Старой женщине, спавшей за стенкой, было уже ничем не помочь, Лизе же и Гансу оставалось одно – залезть под кровать, ибо никакого иного укрытия в комнате не было. Кровать была тяжелая, с деревянной рамой, поперек которой были натянуты крепкие веревки, на которых покоился плотный из конского волоса матрас, однако места под рамой было так мало, что они едва сумели туда втиснуться, причем узость кровати вынудила Ганса лечь на Лизу – бок о бок они там просто не помещались. Едва успели Ганс с Лизой спрятаться, как один из солдат начал толкаться в дверь; не добившись успеха, он громким криком подозвал на помощь своих дружков. Совместными усилиями они открыли дверь, отодвинув ею безжизненное тело полковника, ворвались в комнату и дружно загоготали, увидев, что мешало им сделать это раньше. Будь вражеские солдаты потрезвее, сохрани они хоть какую-то способность к логическим рассуждениям, они, несомненно, догадались бы, что присутствие за закрытой дверью этой жалкой фигуры неизбежно предполагает присутствие там же убийцы, ибо иных, кроме этой двери, у Лизиной комнаты не было. Однако такая мысль даже не пришла солдатам в голову – возможно, они решили, что полковник сам напоролся на свою шпагу, или попросту были настолько пьяны, что вообще ни о чем не думали. Они оттащил труп вниз (печальный этот спуск сопровождался стуком полковничьих сапог, волочащихся по ступенькам) и оставили валяться во дворе. Вернувшись на второй этаж, они быстренько разделались с глухой старухой (снова душераздирающий звук стаскиваемого по лестнице трупа), а затем, завершив свои славные подвиги, решили отойти ко сну.

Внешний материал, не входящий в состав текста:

(* Let $K$ be a clique simplicial complex, $X\cup Y=K_0$ a cover of its vertex set, $A:=X\cap Y$, and $P:=\{\sigma\in K\mid\sigma\subset X\text{ or }\sigma\subset Y\text{ or }\sigma\cap A\neq\emptyset\}$. Assume one of the following: (1) $A$ is nonempty and, for every edge $\tau\in K_1\setminus P$ and every subset $\mu\subset A$ with $|\mu|\le2$, the union $\tau\cup\mu$ is a simplex of $K$; (2) $A=\{v\}$ and, for every edge $\tau\in K_1\setminus P$, the set $\tau\cup\{v\}$ is a simplex of $K$. Then the inclusion $K_X\cup K_Y\hookrightarrow K$ is a weak equivalence.
   Context: A simplicial complex is a collection of finite nonempty subsets of a fixed set closed under taking nonempty subsets; $K_0$ is its vertex set, $K_1$ its set of edges, $K_B$ the subcomplex of simplices contained in $B$. $K$ is clique if a set with at least two elements is a simplex iff all its two-element subsets are simplices. Homotopical notions refer to geometric realizations. *)

From HB Require Import structures.
From mathcomp Require Import all_boot all_order all_algebra.
From mathcomp Require Import finmap.
From mathcomp Require Import all_classical all_reals all_analysis.
Unset Printing Implicit Defensive.
Import Order.TTheory GRing.Theory Num.Theory.
Import numFieldNormedType.Exports.
Local Open Scope classical_set_scope.
Local Open Scope ring_scope.

Definition is_simplicial_complex {V : choiceType} (K : set {fset V}) : Prop :=
  (forall s, K s -> s != fset0) /\
  (forall s t : {fset V}, K s -> (t `<=` s)%fset -> t != fset0 -> K t).

Definition vertices {V : choiceType} (K : set {fset V}) : set V :=
  [set v | K [fset v]%fset].

Definition edges {V : choiceType} (K : set {fset V}) : set {fset V} :=
  [set s | K s /\ #|` s|%fset = 2%N].

Definition is_clique {V : choiceType} (K : set {fset V}) : Prop :=
  forall s : {fset V}, (2 <= #|` s|%fset)%N ->
    (K s <-> forall t : {fset V}, (t `<=` s)%fset -> #|` t|%fset = 2%N -> K t).

Definition full_sub {V : choiceType} (K : set {fset V}) (B : set V)
  : set {fset V} := [set s | K s /\ (forall v, v \in s -> B v)].

(* Points of |K| are functions a : V -> R (barycentric coordinates).
   The closed geometric simplex of a finite set s: *)
Definition geom_simplex {R : realType} {V : choiceType} (s : {fset V})
  : set {ptws V -> R} :=
  [set a | (forall v, 0 <= a v) /\ (forall v, v \notin s -> a v = 0) /\
           \sum_(v <- s) a v = 1].

Definition realization {R : realType} {V : choiceType} (K : set {fset V})
  : set {ptws V -> R} :=
  [set a | exists2 s, K s & geom_simplex s a].

(* Open sets of |K| for the standard (coherent / weak) topology: U is open
   iff its trace on each closed simplex |s| (s in K) is open in |s| for the
   Euclidean topology of |s|; the latter is the subspace topology induced by
   the product topology of V -> R (on |s| only finitely many coordinates
   are nonzero). *)
Definition realization_open {R : realType} {V : choiceType}
  (K : set {fset V}) (U : set {ptws V -> R}) : Prop :=
  U `<=` realization K /\
  forall s, K s -> exists2 W : set {ptws V -> R}, open W &
      W `&` geom_simplex s = U `&` geom_simplex s.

Двое из них избрали местом ночлега Лизину спальню. Все это время Лиза и Ганс лежали под кроватью; стиснутые так, что ни охнуть, ни вздохнуть, они мучительно хватали воздух раскрытыми, тесно соприкасавшимися ртами. Но даже эти почти невыносимые страдания бледнеют в сравнении с тем, что пришлось им испытать, когда на кровать взгромоздились двое пьяных солдат. Лизу и Ганса буквально раздавило в лепешку, их щеки и рты слились в единую, пронизанную единой болью массу, их тела втиснулись друг в друга, как печатка в сургуч, с той лишь разницей, что каждое из них было одновременно и тем и другим, и печаткой, и сургучом. Одно лишь страстное желание выжить позволило им вынести невыносимые эти страдания без крика; они лежали, не издавая ни звука, лишенные возможности пошевелиться и почти лишенные возможности дышать. Через несколько мучительно долгих минут солдаты перестали ворочаться; их вздохи и бормотания сменились громким заливистым храпом.
Казалось бы, Гансу и Лизе представлялась прекрасная возможность бежать, однако несчастные попросту не могли выбраться из-под кровати, да что там выбраться, они не могли даже хотя бы немного изменить свои крайне неудобные позы. Им оставалось лишь надеяться на те моменты, когда кто-нибудь из придавивших их солдат начинал ворочаться во сне, это иногда предоставляло им шанс пошевелить затекшей конечностью или слегка изменить положение головы.
Долгие минуты превращались в часы, а Ганс и Лиза все так же оставались погребенными под кроватью. Затем, по какой-то уж там причине, у одного из солдат начался жестокий приступ кашля. Толчки и содрогания его грузного тела доставляли пленникам массу дополнительных, весьма болезненных неудобств, но в конце концов солдат сел, чтобы прочистить горло, и перемещение нагрузки позволило юноше и девушке хотя бы развести свои занемевшие лица. Далее солдат развернулся и опустил ноги на пол, словно намереваясь встать. Теперь он сидел в основном на раме; уменьшение нагрузки позволило Гансу повернуться так, чтобы его собственный вес не так давил на бедную Лизу, которая тем временем чуть сдвинулась к противоположной от солдатских ног стороне кровати – сейчас она меньше боялась быть обнаруженной, потому что второй солдат не подавал никаких признаков пробуждения. В крошечной под-кроватной темнице происходила лихорадочная перегруппировка. Если сравнивать с тем, что было раньше, наступило время благословенного отдохновения; Ганс и Лиза сладко потягивались на манер сытых сонных кошек. Теперь уже Ганс лег снизу, лицом к полу, а Лиза расположилась на его спине, что позволило каждому из них дышать своим воздухом, воздухом, который не был только что выдохнут другим. Им уже казалось, что в этом новом положении нетрудно будет и уснуть, нужно только почесать сперва где чешется да устроить поудобнее руки и ноги.
Но тут так и не вставший солдат рухнул всею своею тушей на кровать, на излишне размечтавшихся пленников снова навалилась двойная нагрузка, к чему они оказались совершенно не готовы. Лиза как раз собиралась почесаться, жестокий толчок застал девушку врасплох, ее рука попала в ловушку, безнадежно застряла в месте, где ей не следовало бы находиться. Лизино плечо болезненно вывернулось, пальцы скрючились и едва не были раздавлены. И ее ногти крепко впились в левую ягодицу Ганса.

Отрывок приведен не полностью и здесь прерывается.